Write out each line from the data below that includes the word "tree".

(Materials provided)

(* Let $m\ge1$ and $1\le t\le 2^{m-1}$ be integers and $p=t/2^m$. Let $f:\{0,1\}^n\to\{0,1\}$ and let $g=\mathrm{Red}(f):\{0,1\}^{mn}\to\{0,1\}$ be defined below. Then \[ \sum_{i=1}^{mn}I_i(g)^2\le 12p^2\lfloor\log(1/p)\rfloor\sum_{i=1}^nI_i(f)^2, \] where the influences on $f$ are w.r.t. $\mu_p$ and those on $g$ are w.r.t. the uniform measure $\mu_{1/2}$.
   Context: For $0<p<1$, $\mu_p$ is the product measure on $\{0,1\}^n$ with $\mu_p(x)=p^{\sum_i x_i}(1-p)^{n-\sum_i x_i}$. For a function $f$ on $\{0,1\}^n$ and $1\le i\le n$, the influence of coordinate $i$ w.r.t. $\mu_p$ is $I_i(f)=\Pr_{x\sim\mu_p}[f(x)\ne f(x\oplus e_i)]$, where $x\oplus e_i$ is $x$ with its $i$-th coordinate flipped. Reduction: write $y\in\{0,1\}^{mn}$ as $(y^1,\dots,y^n)$, $y^i=(y^i_1,\dots,y^i_m)\in\{0,1\}^m$, where $y^i_j$ is coordinate $(i-1)m+j$ of $y$. Let $\mathrm{Bin}(y^i)=\sum_{j=0}^{m-1}2^jy^i_{m-j}$, $h(y^i)=1$ if $\mathrm{Bin}(y^i)\ge 2^m-t$ and $0$ otherwise, and $g(y)=f(h(y^1),\dots,h(y^n))$. $\log$ is base 2. *)

From HB Require Import structures.
From mathcomp Require Import all_boot all_order all_algebra.
From mathcomp Require Import reals exp.
Set Implicit Arguments. Unset Strict Implicit. Unset Printing Implicit Defensive.
Import Order.TTheory GRing.Theory Num.Theory.
Local Open Scope ring_scope.

(* The hypercube {0,1}^n, coordinates indexed 0..n-1 (paper: 1..n). *)
Definition cube (n : nat) := {ffun 'I_n -> bool}.

Definition mu {R : pzRingType} (p : R) {n : nat} (x : cube n) : R :=
  \prod_(i < n) (if x i then p else 1 - p).

Definition flip {n : nat} (x : cube n) (i : 'I_n) : cube n :=
  [ffun j => if j == i then ~~ x j else x j].

Definition infl {R : pzRingType} (p : R) {n : nat} (f : cube n -> bool) (i : 'I_n) : R :=
  \sum_(x : cube n | f x != f (flip x i)) mu p x.

Lemma blk_lt (m n : nat) (i : 'I_n) (k : 'I_m) : (i * m + k < m * n)%N.
Proof.
have Hi := ltn_ord i; have Hk := ltn_ord k.
apply: (@leq_trans (i * m + m)); first by rewrite ltn_add2l.
by rewrite -mulSnr mulnC leq_mul2l Hi orbT.
Qed.

(* block y^i (0-based i): y^i_{k+1} is coordinate i*m + k (0-based),
   i.e. coordinate (i-1)m + j in the paper's 1-based convention. *)
Definition block {m n : nat} (y : cube (m * n)) (i : 'I_n) : 'I_m -> bool :=
  fun k => y (Ordinal (blk_lt i k)).

(* Bin(y^i) = sum_{j=0}^{m-1} 2^j y^i_{m-j}; with 0-based k = m-1-j. *)
Definition Bin (m : nat) (b : 'I_m -> bool) : nat :=
  \sum_(k < m) 2 ^ (m - 1 - k) * b k.

Definition hfun (m t : nat) (b : 'I_m -> bool) : bool := (2 ^ m - t <= Bin b)%N.

Definition Red (m t : nat) {n : nat} (f : cube n -> bool) : cube (m * n) -> bool :=
  fun y => f [ffun i => hfun t (block y i)].
Arguments Red m t {n} f y.

From HB Require Import structures.
From mathcomp Require Import all_boot all_order all_algebra.
From mathcomp Require Import reals exp.
From mathcomp Require Import zify ring lra.
Import Order.TTheory GRing.Theory Num.Theory.
Set Implicit Arguments. Unset Strict Implicit. Unset Printing Implicit Defensive.

(* Coordinate (i, k) of g is pivotal at y iff bit k is pivotal for h on the block y^i
   and coordinate i is pivotal for f at z = (h(y^1), ..., h(y^n)).  The map h pushes
   the uniform measure on {0,1}^m forward to the p-biased bit, and pivotality of i
   for f does not depend on z_i, so I_(i,k)(g) = I_i(f) I_k(h).  Flipping bit k moves
   Bin(y^i) by 2^(m-1-k), so h changes for at most 2 min(2^(m-1-k), t) of the 2^m
   blocks; the squares of these bounds sum to at most 4 (4/3 + m - 1 - floor(log t))
   t^2 / 4^m, and both 1 and m - 1 - floor(log t) are at most floor(log(1/p)). *)

Lemma sum_nat_itv_indicator (N a b : nat) :
  \sum_(0 <= v < N) (a <= v < b) = minn N b - a.
Proof.
elim: N => [|N IH]; first by rewrite big_geq // min0n.
rewrite big_nat_recr //= IH.
case: (leqP a N) => h1; case: (ltnP N b) => h2 /=; lia.
Qed.

Lemma geom_sum4 (M : nat) : 3 * \sum_(j < M) 4 ^ j + 1 = 4 ^ M.
Proof.
elim: M => [|M IH]; first by rewrite big_ord0.
rewrite big_ord_recr /= expnS; set S := \sum_(i < M) _ in IH *; lia.
Qed.

Lemma leq_exp2_subn1 (t m : nat) : t <= 2 ^ (m - 1) -> t <= 2 ^ m.
Proof. by move/leq_trans; apply; rewrite leq_exp2l // leq_subr. Qed.

Lemma exp2_sq (j : nat) : (2 ^ j) ^ 2 = 4 ^ j.
Proof. by rewrite -expnM mulnC expnM. Qed.

Lemma sum_minn_exp2_sq (t a M : nat) : 2 ^ a <= t -> t < 2 ^ a.+1 ->
  3 * \sum_(j < M) minn (2 ^ j) t ^ 2 <= (4 + 3 * (M - a.+1)) * t ^ 2.
Proof.
move=> ta ta1; elim: M => [|M IH]; first by rewrite big_ord0.
case: (ltnP M a.+1) => hM.
  have le_geom : \sum_(j < M.+1) minn (2 ^ j) t ^ 2 <= \sum_(j < M.+1) 4 ^ j.
    by apply: leq_sum => j _; rewrite -exp2_sq leq_exp2r ?geq_minl.
  have le_t : 4 ^ M.+1 <= 4 * t ^ 2.
    by rewrite expnS leq_mul2l -exp2_sq leq_exp2r ?(leq_trans _ ta) ?leq_exp2l.
  have := geom_sum4 M.+1; lia.
rewrite big_ord_recr /=.
have -> : minn (2 ^ M) t = t.
  by apply/minn_idPr/ltnW/(leq_trans ta1); rewrite leq_exp2l.
set S := \sum_(i < M) _ in IH *.
have -> : M.+1 - a.+1 = (M - a.+1).+1 by lia.
nia.
Qed.

Lemma sum_minn_exp2_rev (m t : nat) :
  \sum_(k < m) minn (2 ^ (m - 1 - k)) t ^ 2 = \sum_(j < m) minn (2 ^ j) t ^ 2.
Proof.
rewrite (reindex_inj rev_ord_inj); apply: eq_bigr => k _.
by congr (minn (2 ^ _) _ ^ 2); have := ltn_ord k; rewrite /=; lia.
Qed.
Lemma Rabs_kcomp_mul_le k i m : (i < d)%nat -> (m < d)%nat ->
  Rabs (kcomp k i) * Rabs (kcomp k m) <= knorm2 d k.
Proof.
  intros Hi Hm. pose proof (kcomp_sq_le k i Hi). pose proof (kcomp_sq_le k m Hm).
  rewrite <- (pow2_abs (kcomp k i)) in H. rewrite <- (pow2_abs (kcomp k m)) in H0.
  pose proof (pow2_ge_0 (Rabs (kcomp k i) - Rabs (kcomp k m))). nra.
Qed.

End LatticeGeometry.

Lemma Rpower_npow_le_of_le_pow (s P r : R) (n : nat) : 1 <= s -> 0 < P ->
  P <= (2 * s) ^ n -> (n <= 3)%nat -> 2 / 3 * INR n <= r ->
  Rpower s (- r) <= 4 * Rpower P (-(2/3)).
Proof.
  intros Hs HP HPs Hn Hr.
  assert (Hl : ln P <= INR n * ln 2 + INR n * ln s).
  { rewrite <- Rmult_plus_distr_l, <- ln_mult, <- ln_pow by lra. apply ln_le; auto. }
  assert (Hn3 : INR n <= 3) by (replace 3 with (INR 3) by (simpl; ring); apply le_INR; auto).
  assert (L2 : 0 < ln 2) by (rewrite <- ln_1; apply ln_increasing; lra).
  assert (Ls : 0 <= ln s) by (rewrite <- ln_1; apply ln_le; lra).
  assert (E4 : 4 = exp (2 * ln 2)).
  { replace (2 * ln 2) with (ln 2 + ln 2) by ring. rewrite exp_plus, exp_ln; lra. }
  unfold Rpower. rewrite E4, <- exp_plus. apply exp_le. nra.
Qed.

Definition zc {d} (j : Zd d) (i : nat) : Z := proj1_sig j i.

Section LatticeSum.
Variable d : nat.
Hypothesis hd : d = 2%nat \/ d = 3%nat.

Lemma coord_weight_le (j : Zd d) :
  (1 + IZR (zc j 0) ^ 2) * ((1 + IZR (zc j 1) ^ 2) * (1 + IZR (zc j 2) ^ 2))
  <= (2 * Rmax 1 (knorm2 d j)) ^ d.
Proof.
  assert (Hm : 1 <= Rmax 1 (knorm2 d j)) by apply Rmax_l.
  assert (Hs : knorm2 d j <= Rmax 1 (knorm2 d j)) by apply Rmax_r.
  set (x := IZR (zc j 0) ^ 2). set (y := IZR (zc j 1) ^ 2). set (z := IZR (zc j 2) ^ 2).
  assert (0 <= x) by apply pow2_ge_0. assert (0 <= y) by apply pow2_ge_0.
  assert (0 <= z) by apply pow2_ge_0.
  destruct hd; subst d.
  - assert (Ez : z = 0) by (unfold z, zc; rewrite (proj2_sig j 2%nat) by lia; simpl; ring).
    assert (knorm2 2 j = x + y) by (unfold knorm2, Rsum_range, kcomp, x, y, zc; cbn [seq fold_right]; ring).
    rewrite Ez. simpl. nra.
  - assert (knorm2 3 j = x + y + z) by (unfold knorm2, Rsum_range, kcomp, x, y, z, zc; cbn [seq fold_right]; ring).
    assert (0 <= x * y) by nra. assert (0 <= x * y * z) by nra.
    assert ((1 + x) * ((1 + y) * (1 + z)) <= (1 + (x + y + z)) ^ 3) by (simpl; nra).
    assert ((1 + (x + y + z)) ^ 3 <= (2 * Rmax 1 (knorm2 3 j)) ^ 3) by (apply pow_incr; lra).
    lra.
Qed.

(* Dominating |j|^(-2r) by a product of one-dimensional weights makes the lattice
   sum factorise: the product of the (1 + j_i^2) is at most (2|j|^2)^d, and
   2d/3 <= (d+1)/2 < r because d <= 3. *)
Lemma Apow_npow_le_zweight r (Hr : (INR d + 1) / 2 < r) (j : Zd d) :
  Apow d j (-r) <= 4 * (zweight (zc j 0) * (zweight (zc j 1) * zweight (zc j 2))).
Proof.
  assert (Hw : 0 <= zweight (zc j 0) * (zweight (zc j 1) * zweight (zc j 2)))
    by (repeat apply Rmult_le_pos; apply zweight_nonneg).
  unfold Apow. destruct (Req_EM_T (knorm2 d j) 0) as [E|E]; [lra|].
  assert (Hp : forall z, 0 < 1 + IZR z ^ 2) by (intros; pose proof (pow2_ge_0 (IZR z)); lra).
  unfold zweight. rewrite !Rpower_mult_distr by (try apply Rmult_lt_0_compat; auto).
  pose proof (knorm2_ge1 d j E) as H1.
  pose proof (coord_weight_le j) as Hc. rewrite Rmax_right in Hc by lra.
  apply (Rpower_npow_le_of_le_pow _ _ r d); auto.
  - repeat apply Rmult_lt_0_compat; auto.
  - destruct hd; subst; lia.
  - destruct hd; subst; simpl in *; lra.
Qed.

Definition lattice_const : R := 4 * (9 * (9 * 9)).

Lemma Apow_npow_partial_sums_le r : (INR d + 1) / 2 < r ->
  partial_sums_le (fun j => Apow d j (-r)) lattice_const.
Proof.
  intros Hr J HJ. eapply Rle_trans; [apply lsum_le; intros j _; apply (Apow_npow_le_zweight r Hr j)|].
  rewrite lsum_scal. apply Rmult_le_compat_l; [lra|].
  set (phi := fun j : Zd d => (zc j 0, (zc j 1, zc j 2))).
  change (lsum (fun j => zweight (fst (phi j)) * (zweight (fst (snd (phi j))) * zweight (snd (snd (phi j))))) J
    <= 9 * (9 * 9)).
  rewrite <- (lsum_map (fun p => zweight (fst p) * (zweight (fst (snd p)) * zweight (snd (snd p))))).
  apply (partial_sums_le_prod zweight (fun q => zweight (fst q) * zweight (snd q)));
    auto using zweight_nonneg, zweight_partial_sums_le, partial_sums_le_prod.
  - intros; apply Rmult_le_pos; apply zweight_nonneg.
  - apply NoDup_map_inj; auto. intros x y Exy. unfold phi in Exy. inversion Exy.
    apply Zd_eq. intros i. destruct i as [|[|[|i]]]; auto.
    rewrite (proj2_sig x), (proj2_sig y); auto; destruct hd; lia.
Qed.
(* Let $\kappa\ge1$ and $\alpha_1,\alpha_2\in\mathcal{A}(\kappa)$. Then $(\alpha_1\circledast_\kappa\alpha_2)(0)=\alpha_1(0)\alpha_2(0)+\sum_{l=1}^\infty(\kappa+1)\kappa^{l-1}\alpha_1(l)\alpha_2(l)$; $(\alpha_1\circledast_\kappa\alpha_2)(1)=\sum_{l=0}^\infty\kappa^l[\alpha_1(l)\alpha_2(l+1)+\alpha_1(l+1)\alpha_2(l)]$; and for $n\ge2$, $$(\alpha_1\circledast_\kappa\alpha_2)(n)=\sum_{l=0}^\infty\kappa^l[\alpha_1(l)\alpha_2(l+n)+\alpha_1(l+n)\alpha_2(l)]+\sum_{i=1}^{n-1}\alpha_1(i)\alpha_2(n-i)+\sum_{i=1}^{n-1}\sum_{l=1}^\infty(\kappa-1)\kappa^{l-1}\alpha_1(l+i)\alpha_2(l+n-i).$$
   Context: $\mathrm{T}_\kappa=(V_\kappa,E_\kappa)$ is the Cayley tree of order $\kappa$ (infinite connected acyclic graph, every vertex of degree $\kappa+1$), $d$ its graph distance. $\mathcal{A}(\kappa)$ is the set of functions $\alpha:\mathbb{N}_0\to\mathbb{C}$ such that the kernel $T_\alpha(x,y)=\alpha(d(x,y))$ defines a bounded operator on $\ell^2(V_\kappa)$. Fix a sequence $(v_n)_{n\ge0}$ in $V_\kappa$ with $d(v_k,v_n)=|k-n|$ for all $k,n\ge0$; for $\alpha_1,\alpha_2\in\mathcal{A}(\kappa)$ define $(\alpha_1\circledast_\kappa\alpha_2)(n)=\sum_{x\in V_\kappa}\alpha_1(d(v_0,x))\alpha_2(d(x,v_n))$ for $n\ge0$ (this series converges and does not depend on the choice of $(v_n)$). *)

From HB Require Import structures.
From mathcomp Require Import all_boot all_order all_algebra.
From mathcomp Require Import complex.
From mathcomp Require Import reals.
Set Implicit Arguments. Unset Strict Implicit. Unset Printing Implicit Defensive.
Import Order.TTheory GRing.Theory Num.Theory.
Local Open Scope ring_scope.

(** * The Cayley tree T_kappa (every vertex of degree kappa+1).
    Concrete model: a vertex is the path from a fixed root, i.e. a finite
    sequence [a_0; a_1; ...; a_k] with a_0 < kappa+1 and a_i < kappa (i >= 1).  The root [::] has kappa+1 neighbours, every other
    vertex has one parent and kappa children, and the graph is a tree. *)
Definition valid_vertex (kappa : nat) (s : seq nat) : bool :=
  match s with
  | [::] => true
  | a :: t => (a < kappa.+1)%N && all (fun b => (b < kappa)%N) t
  end.

Definition vertex (kappa : nat) := {s : seq nat | valid_vertex kappa s}.

(** adjacency in T_kappa (for documentation; the distance below is the
    graph distance of this tree) *)
Definition tadj (kappa : nat) (x y : vertex kappa) : Prop :=
  (exists b, val y = rcons (val x) b) \/ (exists b, val x = rcons (val y) b).

Fixpoint lcp (s t : seq nat) : nat :=
  match s, t with
  | a :: s', b :: t' => if a == b then (lcp s' t').+1 else 0%N
  | _, _ => 0%N
  end.

(** graph distance in the tree: go up to the last common ancestor and down *)
Definition tdist (kappa : nat) (x y : vertex kappa) : nat :=
  (size (val x) + size (val y) - 2 * lcp (val x) (val y))%N.

Section Analysis.
Variable R : realType.
Local Notation C := R[i].

(** The kernel T_alpha(x,y) = alpha(d(x,y)) defines a bounded operator on
    l^2(V_kappa): there is M with ||T_alpha f||^2 <= M ||f||^2 for every
    finitely supported f (support in the finite set S), where ||T_alpha f||^2
    is the supremum over finite sets S' of sum_{x in S'} |(T_alpha f)(x)|^2. *)
Definition in_A (kappa : nat) (alpha : nat -> C) : Prop :=
  exists M : R, forall (S S' : seq (vertex kappa)) (f : vertex kappa -> C),
    uniq S -> uniq S' ->
    \sum_(x <- S') `| \sum_(y <- S) alpha (tdist x y) * f y | ^+ 2
      <= (M%:C)%C * \sum_(y <- S) `| f y | ^+ 2.

(** unordered (order independent) summation of a family over the vertices:
    the net of finite partial sums converges to s *)
Definition has_usum (kappa : nat) (F : vertex kappa -> C) (s : C) : Prop :=
  forall e : R, 0 < e -> exists F0 : seq (vertex kappa),
    forall Fs : seq (vertex kappa), uniq Fs -> {subset F0 <= Fs} ->
      `| \sum_(x <- Fs) F x - s | < (e%:C)%C.

Definition series_to (u : nat -> C) (s : C) : Prop :=
  forall e : R, 0 < e -> exists N : nat, forall m : nat, (N <= m)%N ->
    `| \sum_(0 <= l < m) u l - s | < (e%:C)%C.

End Analysis.

From HB Require Import structures.
From mathcomp Require Import all_boot all_order all_algebra.
From mathcomp Require Import complex reals classical_sets boolp.
From mathcomp Require Import zify lra.
Set Implicit Arguments. Unset Strict Implicit. Unset Printing Implicit Defensive.
Import Order.TTheory GRing.Theory Num.Theory Normc.

(* T_kappa is the Cayley graph of the free product of kappa+1 copies of Z/2.
   Translating v_0 to the identity makes every vertex a reduced word and v_n a
   word w of length n.  A vertex x leaves the geodesic [v_0, v_n] at some depth
   j <= n and lies at some height r above it; then d(v_0, x) = j + r and
   d(x, v_n) = n - j + r, and there are [shell_count kappa n j r] such x.
   Summing shell by shell gives the three formulas.  Everything converges
   absolutely: alpha(d(., y)) is a column of a bounded operator, hence square
   summable, and |alpha1 alpha2| <= (|alpha1|^2 + |alpha2|^2) / 2. *)

(** * Reduced words and the tree model *)

Lemma lcpC s t : lcp s t = lcp t s.
Proof. by elim: s t => [|a s IH] [|b t] //=; rewrite eq_sym IH. Qed.

Lemma lcp_leq_size s t : (lcp s t <= size s)%N.
Proof. by elim: s t => [|a s IH] [|b t] //=; case: eqP => // _; apply: IH. Qed.

Lemma lcp_cat s y t : lcp (s ++ y) (s ++ t) = (size s + lcp y t)%N.
Proof. by elim: s => [|a s IH] //=; rewrite eqxx IH. Qed.

Lemma take_lcp s t : take (lcp s t) s = take (lcp s t) t.
Proof. by elim: s t => [|a s IH] [|b t] //=; case: eqP => [->|] //=; rewrite IH. Qed.

Lemma nth_lcp x0 s t : (lcp s t < size s)%N -> (lcp s t < size t)%N ->
  nth x0 s (lcp s t) != nth x0 t (lcp s t).
Proof. by elim: s t => [|a s IH] [|b t] //=; case: (eqVneq a b) => //= _; apply: IH. Qed.

Lemma size_filter_predC1 (T : eqType) (x : T) (s : seq T) :
  uniq s -> size [seq y <- s | y != x] = (size s - (x \in s))%N.
Proof.
move=> us; rewrite -(rem_filter x us); have [hx|hx] := boolP (x \in s).
  by rewrite size_rem // subn1.
by rewrite rem_id // subn0.
Qed.

Lemma uniq_flatten_map (S T : eqType) (f : S -> seq T) (s : seq S) :
  uniq s -> (forall x, x \in s -> uniq (f x)) ->
  (forall x y z, x \in s -> y \in s -> z \in f x -> z \in f y -> x = y) ->
  uniq (flatten [seq f x | x <- s]).
Proof.
elim: s => [|a s IH] //= /andP [has hs] hu hd; rewrite cat_uniq hu ?mem_head //=.
rewrite IH //; first last.
- by move=> x y z hx hy; apply: hd; rewrite in_cons ?hx ?hy orbT.
- by move=> x hx; apply: hu; rewrite in_cons hx orbT.
rewrite andbT; apply/hasPn => z /flatten_mapP [x hx hzx]; apply/negP => hza.
by move: has; rewrite (hd a x z) ?mem_head ?in_cons ?hx ?orbT.
Qed.

Definition word_dist (s t : seq nat) := (size s + size t - 2 * lcp s t)%N.

Lemma word_distC s t : word_dist s t = word_dist t s.
Proof. by rewrite /word_dist lcpC addnC. Qed.

Lemma word_dist_nil s : word_dist s [::] = size s.
Proof. by case: s => [|a s]; rewrite /word_dist /= ?addn0 ?muln0 ?subn0. Qed.

Lemma word_dist_cons a s t : word_dist (a :: s) (a :: t) = word_dist s t.
Proof.
rewrite /word_dist /= eqxx.
have := lcp_leq_size s t; have := lcp_leq_size t s; rewrite lcpC; lia.
Qed.

Definition head_neq (c : nat) (s : seq nat) := if s is b :: _ then b != c else true.

Lemma lcp_head_neq c s t : head_neq c s -> lcp s (c :: t) = 0%N.
Proof. by case: s => [|b s] //= /negbTE ->. Qed.

Lemma word_dist_head_neq a s t : head_neq a s -> head_neq a t ->
  word_dist (a :: s) t = word_dist s (a :: t).
Proof.
move=> hs ht; rewrite /word_dist lcpC !lcp_head_neq //=; lia.
Qed.

Section ReducedWords.
Variable K : nat.
Implicit Types (a b p : nat) (s t x y z g : seq nat).

(* With the sentinel [p = K], [reduced K] is the set of reduced words of the
   free product of K copies of Z/2; [reduced p s] moreover forbids [s] to
   start with [p]. *)
Fixpoint reduced p s : bool :=
  if s is b :: t then [&& b < K, b != p & reduced b t] else true.

Definition gen_mul a z := if z is b :: t then if a == b then t else a :: z else [:: a].

(* [translate g z] is g^-1 z, generators being involutions. *)
Definition translate g z := foldl (fun z a => gen_mul a z) z g.

Lemma reduced_head_neq p q s : reduced p s -> head_neq q s -> reduced q s.
Proof. by case: s => [|b s] //= /and3P [-> _ ->] ->. Qed.

Lemma head_neq_reduced p s : reduced p s -> head_neq p s.
Proof. by case: s => [|b s] //= /and3P []. Qed.

Lemma head_neqK_reduced p s : reduced p s -> head_neq K s.
Proof. by case: s => [|b s] //= /andP [hb _]; rewrite neq_ltn hb. Qed.

Lemma reducedW p s : reduced p s -> reduced K s.
Proof. by move=> hs; apply: reduced_head_neq hs (head_neqK_reduced hs). Qed.

Lemma reduced_letters p s : reduced p s -> all (fun a => a < K) s.
Proof. by elim: s p => [|b s IH] p //= /and3P [-> _ /IH]. Qed.

Lemma reduced_cat p s t : reduced p (s ++ t) = reduced p s && reduced (last p s) t.
Proof. by elim: s p => [|a s IH] p //=; rewrite IH !andbA. Qed.

Lemma nth_reduced_neq p s (x0 : nat) j : reduced p s -> j.+1 < size s ->
  nth x0 s j.+1 != nth x0 s j.
Proof.
elim: s p j => [|a s IH] p [|j] //=.
- by case: s {IH} => [|b s] //= /and3P [_ _ /and3P [_ hba _]].
- by move=> /and3P [_ _ hs] hj; apply: IH hs hj.
Qed.

Variant gen_mul_spec a z : seq nat -> Type :=
| GenMulCancel t of z = a :: t & reduced a t : gen_mul_spec a z t
| GenMulPush of head_neq a z : gen_mul_spec a z (a :: z).

Lemma gen_mulP a z : reduced K z -> gen_mul_spec a z (gen_mul a z).
Proof.
case: z => [|b t] /=; first by move=> _; apply: GenMulPush.
case/and3P=> _ _ ht; case: (eqVneq a b) => [->|hab]; first exact: GenMulCancel.
by apply: GenMulPush; rewrite /= eq_sym.
Qed.

Lemma gen_mul_head_neq a z : head_neq a z -> gen_mul a z = a :: z.
Proof. by case: z => [|b z] //= /negbTE; rewrite eq_sym => ->. Qed.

(End Materials provided)

__Your solution__.
   Context: $\mathrm{T}_\kappa=(V_\kappa,E_\kappa)$ is the Cayley tree of order $\kappa$ (infinite connected acyclic graph, every vertex of degree $\kappa+1$), $d$ its graph distance. $\mathcal{A}(\kappa)$ is the set of functions $\alpha:\mathbb{N}_0\to\mathbb{C}$ such that the kernel $T_\alpha(x,y)=\alpha(d(x,y))$ defines a bounded operator on $\ell^2(V_\kappa)$. Fix a sequence $(v_n)_{n\ge0}$ in $V_\kappa$ with $d(v_k,v_n)=|k-n|$ for all $k,n\ge0$; for $\alpha_1,\alpha_2\in\mathcal{A}(\kappa)$ define $(\alpha_1\circledast_\kappa\alpha_2)(n)=\sum_{x\in V_\kappa}\alpha_1(d(v_0,x))\alpha_2(d(x,v_n))$ for $n\ge0$ (this series converges and does not depend on the choice of $(v_n)$). *)
(** * The Cayley tree T_kappa (every vertex of degree kappa+1).
    vertex has one parent and kappa children, and the graph is a tree. *)
    graph distance of this tree) *)
(** graph distance in the tree: go up to the last common ancestor and down *)
(** * Reduced words and the tree model *)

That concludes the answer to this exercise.